István Pál Ádám
Junior Fellow (03/2014 – 08/2014)
"Bystanders" to Genocide? The Role of Building Managers in the Hungarian Holocaust.
This project examines the role of an understudied group of everyday Hungarians in World War II: Budapest building managers, caretakers in Hungarian: the házmester, or in German der Hausmeister. In June 1944, the Hungarian government – when setting up a ghetto – separated the Jewish and Christian residents of Budapest not by entire quarters, but by assigning certain buildings as “Jewish houses”. The building managers of these approximately 2,000 houses did not officially belong to any authority; nevertheless, on a daily basis they were responsible for enforcing discriminative regulations. They acted as intermediaries between the authorities and the Jewish citizens, which gave them much wider latitude than other so-called bystanders. I am using the files of a post-war denazifying process, testimonies, autobiographical sources and contemporary journals to show how this otherwise insignificant group of ordinary Hungarians gained power over the Jewish Hungarian citizens.

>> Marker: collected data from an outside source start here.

(* [Z] is nonnegative only almost everywhere, so the Radon-Nikodym construction
   is run with the density [Zpos]. *)
Lemma exists_condexp (xi : T -> R) : measurable_fun setT xi ->
  P.-integrable setT (fun x => (Z x * xi x)%:E) -> exists Y, is_condexp P G Z xi Y.
Proof.
move=> mxi ixiZ.
have ixiZpos : P.-integrable setT (fun x => (xi x * Zpos x)%:E).
  apply: (integrable_ae_eq_EFin (f := fun x => Z x * xi x)%R) => //.
  - exact: measurable_funM.
  - by apply: filterS Zpos_ae => x ->; rewrite mulrC.
have [Y [GY iY eY]] := exists_nonneg_density_condexp sG mZpos (@funrpos_ge0 _ _ Z)
  Zpos_integrable mxi ixiZpos.
have mY := Gmeas_measurable sG GY.
exists Y; split => //.
- by apply: integrable_ae_eq_EFin iY; [exact: measurable_funM|exact: mulZpos_ae].
- move=> A GA; have mA := sub_sigma_measurable sG GA.
  have eZpos (h : T -> R) : measurable_fun setT h ->
      \int[P]_(x in A) (h x * Z x)%:E = \int[P]_(x in A) (h x * Zpos x)%:E.
    move=> mh; apply: ae_eq_integral_EFin => //; try exact: measurable_funM.
    by apply: filterS (mulZpos_ae h) => x <-.
  by rewrite !eZpos //; exact: eY.
Qed.

End condexp_density.

Definition splice T (R : pzRingType) (xi1 xi2 : T -> R) (B : set T) :=
  fun w => xi1 w * \1_B w + xi2 w * \1_(~` B) w.

Lemma splice_in T (R : pzRingType) (xi1 xi2 : T -> R) B x :
  B x -> splice xi1 xi2 B x = xi1 x.
Proof.
by move=> Bx; rewrite /splice !indicE mem_set // memNset //= mulr1 mulr0 addr0.
Qed.

Lemma splice_notin T (R : pzRingType) (xi1 xi2 : T -> R) B x :
  ~ B x -> splice xi1 xi2 B x = xi2 x.
Proof.
by move=> Bx; rewrite /splice !indicE memNset // mem_set //= mulr1 mulr0 add0r.
Qed.

Section condexp_order.
Context d (T : measurableType d) (R : realType) (P : probability T R)
  (G : set (set T)) (LF : set (T -> R)) (X Z : T -> R).
Hypotheses (sG : sub_sigma G) (hLF : vlattice_ind (measurable_fun setT) measurable LF)
  (LFX : LF X) (hZ : in_ocdual P LF Z) (dZ : is_density P Z).
Local Open Scope ereal_scope.

Definition integral_geG (xi : T -> R) := forall A, G A ->
  \int[P]_(x in A) (X x * Z x)%:E <= \int[P]_(x in A) (xi x * Z x)%:E.

Let mZ : measurable_fun setT Z. Proof. by case: dZ. Qed.

Let Z_ge0 : {ae P, forall x, (0 <= Z x)%R}. Proof. by case: dZ. Qed.

Let integrable_LF xi : LF xi -> P.-integrable setT (fun x => (Z x * xi x)%:E).
Proof. by case: hZ => _ + _; apply. Qed.

Lemma ce_geQP xi : LF xi -> ce_geQ P G Z xi X <-> integral_geG xi.
Proof.
move=> LFxi; split => [hce A GA|hxi Yxi YX [GYxi iYxi eqxi] [GYX iYX eqX]]; last first.
  apply: (Gmeas_ae_le_of_integral_le sG mZ Z_ge0) => // A GA.
  by rewrite eqxi // eqX //; exact: hxi.
have [Yxi hYxi] := exists_condexp sG dZ (hLF.1 _ LFxi) (integrable_LF LFxi).
have [YX hYX] := exists_condexp sG dZ (hLF.1 _ LFX) (integrable_LF LFX).
have YXle := hce _ _ hYxi hYX.
case: hYxi => _ iYxi eYxi; case: hYX => _ iYX eYX.
rewrite -eYxi // -eYX //; apply: ae_le_integral_EFin => //.
  exact: sub_sigma_measurable GA.
apply: filterS2 YXle Z_ge0 => x YXx; rewrite le0r => /orP[/eqP ->|Zx].
  by rewrite !mulr0.
by apply: ler_wpM2r; [exact: ltW|exact: YXx].
Qed.

Lemma LF_splice xi1 xi2 B : LF xi1 -> LF xi2 -> measurable B -> LF (splice xi1 xi2 B).
Proof.
move=> L1 L2 mB; case: hLF => _ [_ LFD _ _ LFind].
by apply: LFD; apply: LFind => //; exact: measurableC.
Qed.

Lemma integral_geG_splice xi1 xi2 B : LF xi1 -> LF xi2 -> G B ->
  integral_geG xi1 -> integral_geG xi2 -> integral_geG (splice xi1 xi2 B).
Proof.
move=> L1 L2 GB h1 h2 A GA.
have mA := sub_sigma_measurable sG GA; have mB := sub_sigma_measurable sG GB.
have mX := hLF.1 _ LFX; have msplice := hLF.1 _ (LF_splice L1 L2 mB).
rewrite (@integral_setI_setIC _ _ _ P (fun x => X x * Z x)%R A B mA mB);
  last exact: measurable_funM.
rewrite (@integral_setI_setIC _ _ _ P (fun x => splice xi1 xi2 B x * Z x)%R A B mA mB);
  last exact: measurable_funM.
apply: leeD.
  rewrite [leRHS](eq_integral (fun x => (xi1 x * Z x)%:E)).
    exact: h1 (sub_sigmaI sG GA GB).
  by move=> x /set_mem[_ Bx]; rewrite splice_in.
rewrite [leRHS](eq_integral (fun x => (xi2 x * Z x)%:E)).
  exact: h2 (sub_sigmaI sG GA (sub_sigmaC sG GB)).
by move=> x /set_mem[_ Bx]; rewrite splice_notin.
Qed.

End condexp_order.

István Pál Ádám, LL.D., entered the Central European University`s History MA program after working years in a compensation project for Holocaust survivors. At the moment, he is a PhD candidate at the University of Bristol, where his work is supervised by Drs. Josie McLellan and Tim Cole. In 2012, he was the recipient of an EHRI fellowship at Yad Vashem. From December 2012 until June 2013, Ádám continued his research at the Center for Advanced Holocaust Studies, United States Holocaust Memorial Museum.